If m_center and center are vec3 is should worked (I tried to be sure!)
If m_center is a float is should worked as well.

That's the only cases where it should work.

Change this (That I don't see how it could build):


#define GLM_SWIZZLE GLM_SWIZZLE_FULL
#define GLM_MESSAGE GLM_MESSAGE_ALL
#define GLM_PRECISION GLM_PRECISION_MEDIUMP_FLOAT | GLM_PRECISION_MEDIUMP_INT | GLM_PRECISION_MEDIUMP_UINT

#include <glm/setup.hpp>
#include <glm/glm.hpp>
#include <glm/ext.hpp>
#include <glm/virtrev.hpp>


With just:


#include <glm/glm.hpp>

Groovounet
11-10-2009, 04:28 AM
By the way you are not using the last release:
https://sourceforge.net/projects/glf/files/glm/glm-0.8.4.2/glm-0.8.4.2.zip/download

jbacon
11-13-2009, 05:44 PM
weird it is. since

Vector3 center = m_center + b.m_center;

are absolutely sure both vec3's (typedef'd to Vector3 for
compatibilty reasons)

changing

#define GLM_SWIZZLE GLM_SWIZZLE_FULL
#define GLM_MESSAGE GLM_MESSAGE_ALL
#define GLM_PRECISION GLM_PRECISION_MEDIUMP_FLOAT | GLM_PRECISION_MEDIUMP_INT | GLM_PRECISION_MEDIUMP_UINT

#include <glm/setup.hpp>
#include <glm/glm.hpp>
#include <glm/ext.hpp>
#include <glm/virtrev.hpp>

to just

#include <glm/glm.hpp>

actually doesn't make a difference. (both build though)

J

Groovounet
11-16-2009, 03:24 AM
Would it be possible to have a code sample (a file?) where you have the issue so that I can reproduce it?

Thanks!

jbacon
11-26-2009, 06:24 PM
thats a bit difficult right now, as things are spread out over
several files and in order to reproduce the problem, you'd have to build the whole system.

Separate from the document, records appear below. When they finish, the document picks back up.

(* Between two continuity points [a < b] the error is controlled by the oscillation
   [(b - a) (alpha b - alpha a)]; splitting at a continuity point in the middle half
   shrinks that quantity by a factor [3/4]. *)
Lemma RInt_f_cvg_cont_points_iter n : forall a b, 0 <= a -> a < b -> b < 1 ->
  cont_on_01 alpha a -> cont_on_01 alpha b -> forall eps, 0 < eps ->
  Rbar_locally p_infty (fun be => Rabs (RInt (f be) a b - RInt alpha a b)
    <= (3 / 4) ^ n * ((b - a) * (alpha b - alpha a)) + eps).
Proof.
  induction n as [|n IH]; intros a b Ha Hab Hb Ca Cb eps He.
  - set (eta := eps / (b - a)).
    assert (Heta : 0 < eta) by (apply Rdiv_lt_0_compat; lra).
    generalize (filter_and (F := Rbar_locally p_infty) _ _ (f_eventually_near a ltac:(lra) Ca eta Heta)
                               (f_eventually_near b ltac:(lra) Cb eta Heta)).
    apply filter_imp. intros be [[Hbe H1] [_ H2]].
    destruct (f_RInt_bounds be a b Hbe Ha ltac:(lra) ltac:(lra)).
    destruct (alpha_RInt_bounds a b Ha ltac:(lra) ltac:(lra)).
    apply Rabs_lt_between in H1. apply Rabs_lt_between in H2.
    assert (eps = (b - a) * eta) by (unfold eta; field; lra).
    assert ((b - a) * f be b <= (b - a) * (alpha b + eta)) by (apply Rmult_le_compat_l; lra).
    assert ((b - a) * (alpha a - eta) <= (b - a) * f be a) by (apply Rmult_le_compat_l; lra).
    simpl. apply Rabs_le. split; lra.
  - destruct (cont_on_01_between alpha alpha_mono (a + (b - a) / 4) (a + 3 * (b - a) / 4))
      as [m [Hm Cm]]; try lra.
    generalize (filter_and (F := Rbar_locally p_infty) _ _
                (IH a m Ha ltac:(lra) ltac:(lra) Ca Cm (eps / 2) ltac:(lra))
              (filter_and (F := Rbar_locally p_infty) _ _
                (IH m b ltac:(lra) ltac:(lra) Hb Cm Cb (eps / 2) ltac:(lra))
                              (p_infty_gt 0))).
    apply filter_imp. intros be [H1 [H2 Hbe]].
    rewrite <- (RInt_Chasles_R (f be) a m b) by (apply ex_RInt_f; lra).
    rewrite <- (RInt_Chasles_R alpha a m b) by (apply ex_RInt_alpha; lra).
    assert (alpha a <= alpha m /\ alpha m <= alpha b) by (split; apply alpha_mono; lra).
    assert (0 <= (3 / 4) ^ n) by (apply pow_le; lra).
    assert ((m - a) * (alpha m - alpha a) <= 3 / 4 * (b - a) * (alpha m - alpha a))
      by (apply Rmult_le_compat_r; lra).
    assert ((b - m) * (alpha b - alpha m) <= 3 / 4 * (b - a) * (alpha b - alpha m))
      by (apply Rmult_le_compat_r; lra).
    eapply Rle_trans.
    { replace (RInt (f be) a m + RInt (f be) m b - (RInt alpha a m + RInt alpha m b))
        with ((RInt (f be) a m - RInt alpha a m) + (RInt (f be) m b - RInt alpha m b)) by ring.
      apply Rabs_triang. }
    assert ((3 / 4) ^ n * ((m - a) * (alpha m - alpha a) + (b - m) * (alpha b - alpha m))
            <= (3 / 4) ^ n * (3 / 4 * ((b - a) * (alpha b - alpha a))))
      by (apply Rmult_le_compat_l; lra).
    simpl. lra.
Qed.

Lemma RInt_f_cvg_cont_points a b : 0 <= a -> a < b -> b < 1 ->
  cont_on_01 alpha a -> cont_on_01 alpha b ->
  is_lim (fun be => RInt (f be) a b) p_infty (RInt alpha a b).
Proof.
  intros Ha Hab Hb Ca Cb. apply is_lim_p_infty_abs. intros eps He.
  set (V := (b - a) * (alpha b - alpha a)).
  assert (HV : 0 <= V) by (assert (alpha a <= alpha b) by (apply alpha_mono; lra); unfold V; nra).
  destruct (pow_lt_1_zero (3 / 4) ltac:(rewrite Rabs_right; lra) (eps / 2 / (V + 1)))
    as [N HN]; [apply Rdiv_lt_0_compat; lra|].
  specialize (HN N (le_n N)). rewrite Rabs_right in HN by (apply Rle_ge, pow_le; lra).
  assert (Hsmall : (3 / 4) ^ N * V < eps / 2).
  { assert (0 <= (3 / 4) ^ N) by (apply pow_le; lra).
    apply Rle_lt_trans with ((3 / 4) ^ N * (V + 1)); [nra|].
    apply Rmult_lt_reg_r with (/ (V + 1)); [apply Rinv_0_lt_compat; lra|].
    replace ((3 / 4) ^ N * (V + 1) * / (V + 1)) with ((3 / 4) ^ N) by (field; lra). exact HN. }
  generalize (RInt_f_cvg_cont_points_iter N a b Ha Hab Hb Ca Cb (eps / 2) ltac:(lra)).
  apply filter_imp. fold V. intros be Hbe. lra.
Qed.

(* The end points [0] and [q] need not be continuity points: move them to nearby
   continuity points [a] and [b], paying [O(eta)] since both [f be] and [alpha] stay
   bounded near them. *)
Lemma RInt_f_cvg q : 0 <= q < 1 -> is_lim (fun be => RInt (f be) 0 q) p_infty (RInt alpha 0 q).
Proof.
  intros Hq. destruct (Req_dec q 0) as [->|Hq0].
  { apply (is_lim_ext (fun _ => 0)); [intros; rewrite RInt_point; reflexivity|].
    rewrite RInt_point. apply is_lim_const. }
  apply is_lim_p_infty_abs. intros eps He.
  set (r := (q + 1) / 2).
  set (K := Rabs (alpha 0) + Rabs (alpha r) + 1).
  assert (HaK : forall s, 0 <= s <= r -> - K <= alpha s <= K).
  { intros s Hs.
    assert (alpha 0 <= alpha s /\ alpha s <= alpha r) by (split; apply alpha_mono; unfold r in *; lra).
    pose proof (proj1 (Rabs_le_between (alpha 0) _) (Rle_refl _)).
    pose proof (proj1 (Rabs_le_between (alpha r) _) (Rle_refl _)). unfold K. lra. }
  assert (HK : 1 <= K)
    by (unfold K; pose proof (Rabs_pos (alpha 0)); pose proof (Rabs_pos (alpha r)); lra).
  set (eta := Rmin (q / 2) (Rmin ((1 - q) / 2) (eps / (8 * (K + 1))))).
  assert (Heta1 : eta <= q / 2) by apply Rmin_l.
  assert (Heta2 : eta <= (1 - q) / 2) by (eapply Rle_trans; [apply Rmin_r | apply Rmin_l]).
  assert (Heta : 0 < eta)
    by (apply Rmin_pos; [lra | apply Rmin_pos; [lra|]]; apply Rdiv_lt_0_compat; lra).
  assert (Heta3 : eta * (K + 1) <= eps / 8).
  { assert (eta <= eps / (8 * (K + 1))) by (eapply Rle_trans; [apply Rmin_r | apply Rmin_r]).
    apply Rmult_le_reg_r with (/ (K + 1)); [apply Rinv_0_lt_compat; lra|].
    replace (eta * (K + 1) * / (K + 1)) with eta by (field; lra).
    replace (eps / 8 * / (K + 1)) with (eps / (8 * (K + 1))) by (field; lra). assumption. }
  destruct (cont_on_01_between alpha alpha_mono 0 eta) as [a [Ha Ca]]; try lra.
  destruct (cont_on_01_between alpha alpha_mono q (q + eta)) as [b [Hb Cb]]; try lra.
  generalize (filter_and (F := Rbar_locally p_infty) _ _
    (proj1 (is_lim_p_infty_abs _ _) (RInt_f_cvg_cont_points a b ltac:(lra) ltac:(lra) ltac:(lra) Ca Cb)
       (eps / 4) ltac:(lra))
    (filter_and (F := Rbar_locally p_infty) _ _ (f_eventually_near a ltac:(lra) Ca 1 ltac:(lra))
                    (f_eventually_near b ltac:(lra) Cb 1 ltac:(lra)))).
  apply filter_imp. intros be [H1 [[Hbe H2] [_ H3]]].
  assert (E1 : @eq R (RInt (f be) 0 q) (RInt (f be) 0 a + RInt (f be) a b - RInt (f be) q b)).
  { rewrite <- (RInt_Chasles_R (f be) a q b), <- (RInt_Chasles_R (f be) 0 a q)
      by (apply ex_RInt_f; lra). ring. }
  assert (E2 : @eq R (RInt alpha 0 q) (RInt alpha 0 a + RInt alpha a b - RInt alpha q b)).
  { rewrite <- (RInt_Chasles_R alpha a q b), <- (RInt_Chasles_R alpha 0 a q)
      by (apply ex_RInt_alpha; lra). ring. }
  rewrite E1, E2.
  destruct (f_RInt_bounds be 0 a Hbe ltac:(lra) ltac:(lra) ltac:(lra)).
  destruct (f_RInt_bounds be q b Hbe ltac:(lra) ltac:(lra) ltac:(lra)).
  destruct (alpha_RInt_bounds 0 a ltac:(lra) ltac:(lra) ltac:(lra)).
  destruct (alpha_RInt_bounds q b ltac:(lra) ltac:(lra) ltac:(lra)).
  pose proof (f_nonneg be Hbe 0 ltac:(lra)). pose proof (f_nonneg be Hbe q ltac:(lra)).
  apply Rabs_lt_between in H1. apply Rabs_lt_between in H2. apply Rabs_lt_between in H3.
  pose proof (HaK 0 ltac:(unfold r; lra)). pose proof (HaK a ltac:(unfold r; lra)).
  pose proof (HaK q ltac:(unfold r; lra)). pose proof (HaK b ltac:(unfold r; lra)).
  assert (f be a <= K + 1 /\ f be b <= K + 1) by lra.
  assert (0 <= f be a /\ 0 <= f be b) by (split; apply f_nonneg; lra).
  assert (RInt (f be) 0 a <= eta * (K + 1)) by nra.
  assert (RInt (f be) q b <= eta * (K + 1)) by nra.
  assert (- (eta * (K + 1)) <= RInt alpha 0 a <= eta * (K + 1)) by (split; nra).
  assert (- (eta * (K + 1)) <= RInt alpha q b <= eta * (K + 1)) by (split; nra).
  assert (0 <= (a - 0) * f be 0 /\ 0 <= (b - q) * f be q) by (split; apply Rmult_le_pos; lra).
  apply Rabs_lt_between. lra.
Qed.

End VagueIntegrals.

Lemma filter_forall_le_nat {T : Type} {F : (T -> Prop) -> Prop} {FF : Filter F}
  (P : nat -> T -> Prop) (n : nat) :
  (forall k, (k <= n)%nat -> F (P k)) -> F (fun x => forall k, (k <= n)%nat -> P k x).
Proof.
  induction n as [|n IH]; intros HP.
  - apply (filter_imp (P 0%nat)); [|apply HP; lia].
    intros x Hx k Hk. replace k with 0%nat by lia. exact Hx.
  - apply (filter_imp (fun x => (forall k, (k <= n)%nat -> P k x) /\ P (S n) x)).
    + intros x [Hx Hn] k Hk. destruct (Nat.eq_dec k (S n)) as [->|Hne]; [exact Hn|].
      apply Hx. lia.
    + apply filter_and; [apply IH; intros k Hk; apply HP; lia | apply HP; lia].
Qed.

Lemma grid_cover (h : R) (n : nat) : 0 < h -> forall q, 0 <= q <= INR (S n) * h ->
  exists k, (k <= n)%nat /\ INR k * h <= q <= INR (S k) * h.
Proof.
  intros Hh. induction n as [|n IH]; intros q Hq.
  - exists 0%nat. rewrite INR_0, INR_1 in *. split; [lia | lra].
  - destruct (Rle_lt_dec q (INR (S n) * h)) as [Hle|Hlt].
    + destruct (IH q ltac:(lra)) as [k [Hk Hkq]]. exists k. split; [lia | exact Hkq].
    + exists (S n). split; [lia | lra].
Qed.

(* Dini's second theorem, via monotone interpolation between the points of a grid. *)
Lemma unif_cvg_nondecreasing (F : R -> R -> R) (G : R -> R) (c K : R) : 0 <= c -> 0 <= K ->
  (forall b, 0 < b -> nondecreasing_on (F b) 0 c) ->
  (forall x y, 0 <= x -> x <= y -> y <= c -> Rabs (G y - G x) <= K * (y - x)) ->
  (forall q, 0 <= q <= c -> is_lim (fun b => F b q) p_infty (G q)) ->
  forall eps, 0 < eps ->
  Rbar_locally p_infty (fun b => forall q, 0 <= q <= c -> Rabs (F b q - G q) < eps).
Proof.
  intros Hc HK HF HG Hcvg eps He.
  destruct (archimed_cor1 (eps / (2 * (K * c + 1)))) as [[|n] [Hn Hn0]]; [|lia|].
  { apply Rdiv_lt_0_compat; [lra|]. assert (0 <= K * c) by (apply Rmult_le_pos; lra). lra. }
  assert (HnR : 0 < INR (S n)) by (apply lt_0_INR; lia).
  destruct (Req_dec c 0) as [Hc0|Hc0].
  { generalize (proj1 (is_lim_p_infty_abs _ _) (Hcvg 0 ltac:(lra)) eps He).
    apply filter_imp. intros b Hb q Hq. replace q with 0 by lra. exact Hb. }
  set (h := c / INR (S n)).
  assert (Hh : 0 < h) by (apply Rdiv_lt_0_compat; lra).
  assert (Hnh : INR (S n) * h = c) by (unfold h; field; lra).
  assert (HKh : K * h < eps / 2).
  { assert (K * h <= (K * c + 1) * / INR (S n)).
    { unfold h, Rdiv. rewrite <- Rmult_assoc.
      apply Rmult_le_compat_r; [left; apply Rinv_0_lt_compat|]; lra. }
    assert ((K * c + 1) * / INR (S n) < eps / 2); [|lra].
    apply Rmult_lt_reg_l with (/ (K * c + 1)).
    { apply Rinv_0_lt_compat. assert (0 <= K * c) by (apply Rmult_le_pos; lra). lra. }
    replace (eps / 2) with ((K * c + 1) * (eps / (2 * (K * c + 1))))
      by (field; assert (0 <= K * c) by (apply Rmult_le_pos; lra); lra).
    rewrite <- !Rmult_assoc, Rinv_l, !Rmult_1_l
      by (assert (0 <= K * c) by (apply Rmult_le_pos; lra); lra).
    exact Hn. }
  assert (Hgrid : forall k, (k <= S n)%nat -> 0 <= INR k * h <= c).
  { intros k Hk. rewrite <- Hnh. pose proof (pos_INR k).
    split; [nra | apply Rmult_le_compat_r; [lra | apply le_INR; exact Hk]]. }
  generalize (filter_and (F := Rbar_locally p_infty) _ _ (p_infty_gt 0)
    (filter_forall_le_nat (F := Rbar_locally p_infty)
       (fun k b => Rabs (F b (INR k * h) - G (INR k * h)) < eps / 2) (S n)
       (fun k Hk => proj1 (is_lim_p_infty_abs _ _) (Hcvg _ (Hgrid k Hk)) (eps / 2) ltac:(lra)))).
  apply filter_imp. intros b [Hb Hnear] q Hq.
  destruct (grid_cover h n Hh q ltac:(lra)) as [k [Hk [Hkq Hqk]]].
  pose proof (Hgrid k ltac:(lia)) as Hk1. pose proof (Hgrid (S k) ltac:(lia)) as Hk2.
  rewrite S_INR in Hqk, Hk2.
  assert (Hlo := Hnear k ltac:(lia)). assert (Hhi := Hnear (S k) ltac:(lia)). rewrite S_INR in Hhi.
  assert (F b (INR k * h) <= F b q /\ F b q <= F b ((INR k + 1) * h)) by (split; apply HF; lra).
  assert (L1 := HG (INR k * h) q ltac:(lra) ltac:(lra) ltac:(lra)).
  assert (L2 := HG q ((INR k + 1) * h) ltac:(lra) ltac:(lra) ltac:(lra)).
  assert (K * (q - INR k * h) <= K * h /\ K * ((INR k + 1) * h - q) <= K * h)
    by (split; apply Rmult_le_compat_l; lra).
  apply Rabs_lt_between in Hlo, Hhi. apply Rabs_le_between in L1, L2.
  apply Rabs_lt_between. lra.
Qed.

I'll try to make a simple pathological example, as soon as my deadline of 4 december has passed..

J

jbacon
01-10-2010, 07:26 AM
hm. I don't know what happened, but revisiting this issue I can't reproduce it. Must have been a clash with some other lib's Im using, or my lack of understanding of templates. Anyway, I'll leave this topic as a 'dangling pointer'.. Thanks for the support, though.